▶ [Task objective]:
Take the data below and extract the lines from the one with "From mathcomp Require Import ring." to the one with "(* Comparing K-spans", inclusive, exactly as written.

╭─ Record extracts

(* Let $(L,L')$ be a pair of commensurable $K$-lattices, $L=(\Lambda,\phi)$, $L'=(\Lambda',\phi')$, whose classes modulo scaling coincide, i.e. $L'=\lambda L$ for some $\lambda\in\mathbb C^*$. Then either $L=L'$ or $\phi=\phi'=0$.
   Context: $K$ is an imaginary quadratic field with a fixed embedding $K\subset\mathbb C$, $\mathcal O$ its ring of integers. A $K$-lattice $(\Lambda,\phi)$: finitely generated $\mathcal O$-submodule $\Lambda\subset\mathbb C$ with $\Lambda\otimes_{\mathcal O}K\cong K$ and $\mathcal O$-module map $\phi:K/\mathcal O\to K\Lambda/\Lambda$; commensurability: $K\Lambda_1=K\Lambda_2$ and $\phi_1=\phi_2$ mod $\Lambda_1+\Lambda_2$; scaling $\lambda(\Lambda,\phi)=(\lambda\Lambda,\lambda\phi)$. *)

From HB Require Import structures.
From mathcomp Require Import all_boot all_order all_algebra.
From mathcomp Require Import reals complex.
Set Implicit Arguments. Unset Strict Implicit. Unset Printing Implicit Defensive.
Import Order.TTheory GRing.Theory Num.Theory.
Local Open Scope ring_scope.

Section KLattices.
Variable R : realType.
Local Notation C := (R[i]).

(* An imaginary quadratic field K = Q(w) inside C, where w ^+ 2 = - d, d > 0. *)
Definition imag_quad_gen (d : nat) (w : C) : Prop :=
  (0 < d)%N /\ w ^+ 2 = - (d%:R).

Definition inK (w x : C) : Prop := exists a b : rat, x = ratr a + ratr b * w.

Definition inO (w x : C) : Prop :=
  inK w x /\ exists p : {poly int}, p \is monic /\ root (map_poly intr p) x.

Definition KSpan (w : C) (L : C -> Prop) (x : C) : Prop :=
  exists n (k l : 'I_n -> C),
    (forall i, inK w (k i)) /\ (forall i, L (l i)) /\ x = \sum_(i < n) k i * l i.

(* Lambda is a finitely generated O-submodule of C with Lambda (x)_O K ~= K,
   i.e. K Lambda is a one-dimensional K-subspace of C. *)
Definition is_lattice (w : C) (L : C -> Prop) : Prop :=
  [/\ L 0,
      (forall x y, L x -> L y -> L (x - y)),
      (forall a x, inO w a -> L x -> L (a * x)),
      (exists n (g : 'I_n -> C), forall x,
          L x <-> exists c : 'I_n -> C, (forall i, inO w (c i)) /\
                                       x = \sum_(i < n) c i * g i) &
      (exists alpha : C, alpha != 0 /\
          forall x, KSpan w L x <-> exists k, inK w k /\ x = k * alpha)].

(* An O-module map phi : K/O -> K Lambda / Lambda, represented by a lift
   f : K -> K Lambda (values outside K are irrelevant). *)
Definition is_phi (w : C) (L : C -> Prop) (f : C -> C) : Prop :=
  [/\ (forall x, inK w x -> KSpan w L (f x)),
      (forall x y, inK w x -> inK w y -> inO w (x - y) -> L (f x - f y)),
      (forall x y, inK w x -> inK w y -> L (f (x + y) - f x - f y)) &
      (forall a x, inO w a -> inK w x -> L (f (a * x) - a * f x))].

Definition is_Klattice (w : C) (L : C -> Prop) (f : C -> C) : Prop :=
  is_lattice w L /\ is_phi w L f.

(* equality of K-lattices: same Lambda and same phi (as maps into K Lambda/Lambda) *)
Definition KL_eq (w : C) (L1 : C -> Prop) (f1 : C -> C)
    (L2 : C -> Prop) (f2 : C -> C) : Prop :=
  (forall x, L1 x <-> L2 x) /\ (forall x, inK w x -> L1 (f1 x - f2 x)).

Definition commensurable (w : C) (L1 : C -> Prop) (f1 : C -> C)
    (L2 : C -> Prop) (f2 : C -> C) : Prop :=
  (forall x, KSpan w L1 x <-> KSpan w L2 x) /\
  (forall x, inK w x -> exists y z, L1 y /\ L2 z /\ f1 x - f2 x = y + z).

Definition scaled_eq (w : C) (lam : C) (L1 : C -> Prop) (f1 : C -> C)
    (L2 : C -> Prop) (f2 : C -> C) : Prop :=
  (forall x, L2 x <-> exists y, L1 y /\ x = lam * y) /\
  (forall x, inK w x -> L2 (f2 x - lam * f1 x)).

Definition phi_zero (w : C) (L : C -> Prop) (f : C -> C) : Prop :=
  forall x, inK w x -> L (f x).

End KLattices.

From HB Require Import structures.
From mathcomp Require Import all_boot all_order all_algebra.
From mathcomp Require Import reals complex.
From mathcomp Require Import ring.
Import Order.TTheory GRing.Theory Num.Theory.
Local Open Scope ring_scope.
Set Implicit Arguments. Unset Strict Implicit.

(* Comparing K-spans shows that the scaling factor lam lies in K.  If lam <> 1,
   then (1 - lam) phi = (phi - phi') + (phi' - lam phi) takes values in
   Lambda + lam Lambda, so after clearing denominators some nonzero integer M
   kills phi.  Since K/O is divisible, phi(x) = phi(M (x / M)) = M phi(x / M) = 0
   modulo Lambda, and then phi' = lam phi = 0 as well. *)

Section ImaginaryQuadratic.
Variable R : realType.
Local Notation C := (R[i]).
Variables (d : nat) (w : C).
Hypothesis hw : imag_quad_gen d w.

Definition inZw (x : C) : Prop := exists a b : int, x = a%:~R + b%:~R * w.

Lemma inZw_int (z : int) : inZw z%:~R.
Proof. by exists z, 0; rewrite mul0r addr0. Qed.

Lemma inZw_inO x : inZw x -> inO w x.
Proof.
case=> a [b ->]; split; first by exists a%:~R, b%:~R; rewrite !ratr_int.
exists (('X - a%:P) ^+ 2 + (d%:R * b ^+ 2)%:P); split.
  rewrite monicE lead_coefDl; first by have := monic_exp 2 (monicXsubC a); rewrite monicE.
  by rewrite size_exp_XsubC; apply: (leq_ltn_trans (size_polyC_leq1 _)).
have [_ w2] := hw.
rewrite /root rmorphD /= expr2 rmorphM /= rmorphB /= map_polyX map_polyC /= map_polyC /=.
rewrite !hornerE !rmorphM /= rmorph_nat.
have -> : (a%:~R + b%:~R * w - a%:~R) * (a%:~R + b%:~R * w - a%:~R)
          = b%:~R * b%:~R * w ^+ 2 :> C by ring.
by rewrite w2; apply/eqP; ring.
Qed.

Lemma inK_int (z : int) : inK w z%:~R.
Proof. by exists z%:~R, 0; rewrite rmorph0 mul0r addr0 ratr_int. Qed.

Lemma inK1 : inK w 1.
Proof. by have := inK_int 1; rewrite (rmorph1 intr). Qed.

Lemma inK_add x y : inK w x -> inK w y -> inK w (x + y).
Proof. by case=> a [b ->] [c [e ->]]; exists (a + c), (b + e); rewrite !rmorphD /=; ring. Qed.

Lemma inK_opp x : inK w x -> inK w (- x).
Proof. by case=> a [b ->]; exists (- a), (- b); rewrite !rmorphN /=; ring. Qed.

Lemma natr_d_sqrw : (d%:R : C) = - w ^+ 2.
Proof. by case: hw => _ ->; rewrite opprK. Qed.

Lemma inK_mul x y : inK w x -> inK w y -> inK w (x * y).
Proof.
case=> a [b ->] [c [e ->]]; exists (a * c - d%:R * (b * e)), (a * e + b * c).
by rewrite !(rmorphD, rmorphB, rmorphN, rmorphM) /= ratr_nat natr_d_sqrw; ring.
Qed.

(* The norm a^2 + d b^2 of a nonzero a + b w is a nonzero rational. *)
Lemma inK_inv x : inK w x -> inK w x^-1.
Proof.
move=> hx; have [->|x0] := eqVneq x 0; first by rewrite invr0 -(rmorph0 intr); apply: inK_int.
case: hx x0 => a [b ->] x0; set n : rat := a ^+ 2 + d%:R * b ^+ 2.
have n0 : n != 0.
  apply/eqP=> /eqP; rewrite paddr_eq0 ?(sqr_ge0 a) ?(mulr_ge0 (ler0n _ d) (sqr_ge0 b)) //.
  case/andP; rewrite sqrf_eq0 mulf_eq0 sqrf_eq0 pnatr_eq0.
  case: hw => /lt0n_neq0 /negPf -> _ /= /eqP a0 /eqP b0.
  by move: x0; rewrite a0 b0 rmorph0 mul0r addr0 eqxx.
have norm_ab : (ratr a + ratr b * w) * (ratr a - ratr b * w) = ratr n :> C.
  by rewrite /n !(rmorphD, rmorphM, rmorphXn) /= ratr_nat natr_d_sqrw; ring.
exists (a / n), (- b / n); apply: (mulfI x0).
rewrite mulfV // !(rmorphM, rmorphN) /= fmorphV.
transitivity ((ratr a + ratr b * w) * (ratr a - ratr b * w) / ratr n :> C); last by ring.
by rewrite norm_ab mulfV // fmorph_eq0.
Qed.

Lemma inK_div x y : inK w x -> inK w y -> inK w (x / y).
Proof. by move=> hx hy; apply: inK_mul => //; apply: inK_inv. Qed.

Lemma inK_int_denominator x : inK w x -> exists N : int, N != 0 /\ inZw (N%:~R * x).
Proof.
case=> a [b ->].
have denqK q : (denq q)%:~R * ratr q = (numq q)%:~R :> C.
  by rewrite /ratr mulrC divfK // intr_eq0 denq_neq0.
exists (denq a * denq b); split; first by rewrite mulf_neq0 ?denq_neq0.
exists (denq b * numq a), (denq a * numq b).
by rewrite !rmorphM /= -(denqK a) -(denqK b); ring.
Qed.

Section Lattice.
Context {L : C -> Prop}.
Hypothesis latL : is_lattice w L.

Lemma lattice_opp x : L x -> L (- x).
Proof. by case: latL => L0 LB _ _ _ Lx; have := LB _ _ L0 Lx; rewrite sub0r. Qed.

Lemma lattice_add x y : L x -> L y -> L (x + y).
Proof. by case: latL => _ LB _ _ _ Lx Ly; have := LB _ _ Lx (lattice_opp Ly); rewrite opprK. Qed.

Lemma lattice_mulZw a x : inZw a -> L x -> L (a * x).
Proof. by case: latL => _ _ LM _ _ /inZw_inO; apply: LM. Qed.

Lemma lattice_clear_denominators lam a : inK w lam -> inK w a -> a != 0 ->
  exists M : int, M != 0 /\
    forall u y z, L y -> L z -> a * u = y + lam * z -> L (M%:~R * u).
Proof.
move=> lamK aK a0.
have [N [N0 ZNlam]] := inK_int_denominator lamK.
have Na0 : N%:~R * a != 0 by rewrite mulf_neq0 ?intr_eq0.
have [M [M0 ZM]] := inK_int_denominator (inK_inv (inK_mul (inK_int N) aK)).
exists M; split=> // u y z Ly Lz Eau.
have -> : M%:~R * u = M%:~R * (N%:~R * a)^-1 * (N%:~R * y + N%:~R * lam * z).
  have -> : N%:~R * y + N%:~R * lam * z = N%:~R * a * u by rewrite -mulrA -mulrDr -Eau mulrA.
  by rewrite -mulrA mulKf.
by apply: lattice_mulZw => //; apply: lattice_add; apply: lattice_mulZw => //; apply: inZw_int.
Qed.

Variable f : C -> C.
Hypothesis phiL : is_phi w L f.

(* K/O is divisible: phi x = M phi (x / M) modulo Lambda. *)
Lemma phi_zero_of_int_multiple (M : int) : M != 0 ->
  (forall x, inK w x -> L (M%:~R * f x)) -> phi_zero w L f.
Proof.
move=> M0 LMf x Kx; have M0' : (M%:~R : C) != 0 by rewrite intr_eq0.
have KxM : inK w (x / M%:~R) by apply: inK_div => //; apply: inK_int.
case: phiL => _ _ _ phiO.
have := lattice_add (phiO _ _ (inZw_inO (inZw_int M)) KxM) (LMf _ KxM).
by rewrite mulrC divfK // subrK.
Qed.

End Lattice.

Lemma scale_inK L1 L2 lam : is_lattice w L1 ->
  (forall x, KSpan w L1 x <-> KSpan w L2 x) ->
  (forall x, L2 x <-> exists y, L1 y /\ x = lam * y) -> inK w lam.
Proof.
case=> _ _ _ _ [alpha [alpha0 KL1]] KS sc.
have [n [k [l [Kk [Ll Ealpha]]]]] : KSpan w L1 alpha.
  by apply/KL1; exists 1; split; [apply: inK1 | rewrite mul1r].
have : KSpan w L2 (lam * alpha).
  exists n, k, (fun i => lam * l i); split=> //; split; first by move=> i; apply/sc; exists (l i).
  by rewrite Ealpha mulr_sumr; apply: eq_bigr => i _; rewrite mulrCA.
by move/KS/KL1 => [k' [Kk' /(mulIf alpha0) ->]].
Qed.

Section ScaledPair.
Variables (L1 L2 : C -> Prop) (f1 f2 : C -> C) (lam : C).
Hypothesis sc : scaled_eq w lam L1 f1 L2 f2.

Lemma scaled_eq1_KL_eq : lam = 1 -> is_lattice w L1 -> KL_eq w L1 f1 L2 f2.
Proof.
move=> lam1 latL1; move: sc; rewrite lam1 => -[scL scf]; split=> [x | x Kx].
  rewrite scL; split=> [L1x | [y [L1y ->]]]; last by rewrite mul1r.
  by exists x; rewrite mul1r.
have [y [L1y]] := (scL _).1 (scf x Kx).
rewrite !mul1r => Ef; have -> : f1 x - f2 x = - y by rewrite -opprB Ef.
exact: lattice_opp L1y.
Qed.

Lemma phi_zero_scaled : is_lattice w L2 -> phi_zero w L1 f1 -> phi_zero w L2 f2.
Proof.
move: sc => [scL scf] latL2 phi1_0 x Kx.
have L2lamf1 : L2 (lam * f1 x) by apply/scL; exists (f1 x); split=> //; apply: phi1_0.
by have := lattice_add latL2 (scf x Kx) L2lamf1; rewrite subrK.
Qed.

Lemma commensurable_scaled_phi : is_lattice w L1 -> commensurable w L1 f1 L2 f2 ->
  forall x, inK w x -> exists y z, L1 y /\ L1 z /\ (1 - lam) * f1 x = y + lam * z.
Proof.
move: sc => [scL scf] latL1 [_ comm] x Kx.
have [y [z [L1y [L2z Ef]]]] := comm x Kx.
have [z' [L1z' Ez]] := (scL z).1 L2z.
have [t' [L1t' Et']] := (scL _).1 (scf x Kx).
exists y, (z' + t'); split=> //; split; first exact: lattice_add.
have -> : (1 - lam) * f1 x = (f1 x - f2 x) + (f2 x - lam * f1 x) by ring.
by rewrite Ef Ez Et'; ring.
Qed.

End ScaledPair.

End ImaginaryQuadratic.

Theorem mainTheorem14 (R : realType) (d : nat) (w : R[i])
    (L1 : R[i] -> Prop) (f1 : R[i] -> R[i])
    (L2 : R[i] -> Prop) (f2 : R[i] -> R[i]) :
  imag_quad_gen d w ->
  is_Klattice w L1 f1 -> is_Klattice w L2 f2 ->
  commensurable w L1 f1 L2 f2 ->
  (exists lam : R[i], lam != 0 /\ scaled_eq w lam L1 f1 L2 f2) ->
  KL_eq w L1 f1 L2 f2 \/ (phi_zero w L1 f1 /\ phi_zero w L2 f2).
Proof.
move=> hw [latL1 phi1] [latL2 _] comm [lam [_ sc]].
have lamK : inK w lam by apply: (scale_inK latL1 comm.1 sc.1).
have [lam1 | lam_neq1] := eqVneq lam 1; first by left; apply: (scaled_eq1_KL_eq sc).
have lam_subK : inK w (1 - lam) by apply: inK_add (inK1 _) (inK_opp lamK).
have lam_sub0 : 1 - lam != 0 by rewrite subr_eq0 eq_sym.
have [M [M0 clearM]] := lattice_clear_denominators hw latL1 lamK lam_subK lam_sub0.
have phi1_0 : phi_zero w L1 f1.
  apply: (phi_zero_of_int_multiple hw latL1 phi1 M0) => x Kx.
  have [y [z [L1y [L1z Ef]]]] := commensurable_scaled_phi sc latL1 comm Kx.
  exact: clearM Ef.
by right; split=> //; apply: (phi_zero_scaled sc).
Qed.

╰─

▶ [Task answer]:
From mathcomp Require Import ring.
Import Order.TTheory GRing.Theory Num.Theory.
Local Open Scope ring_scope.
Set Implicit Arguments. Unset Strict Implicit.

(* Comparing K-spans shows that the scaling factor lam lies in K.  If lam <> 1,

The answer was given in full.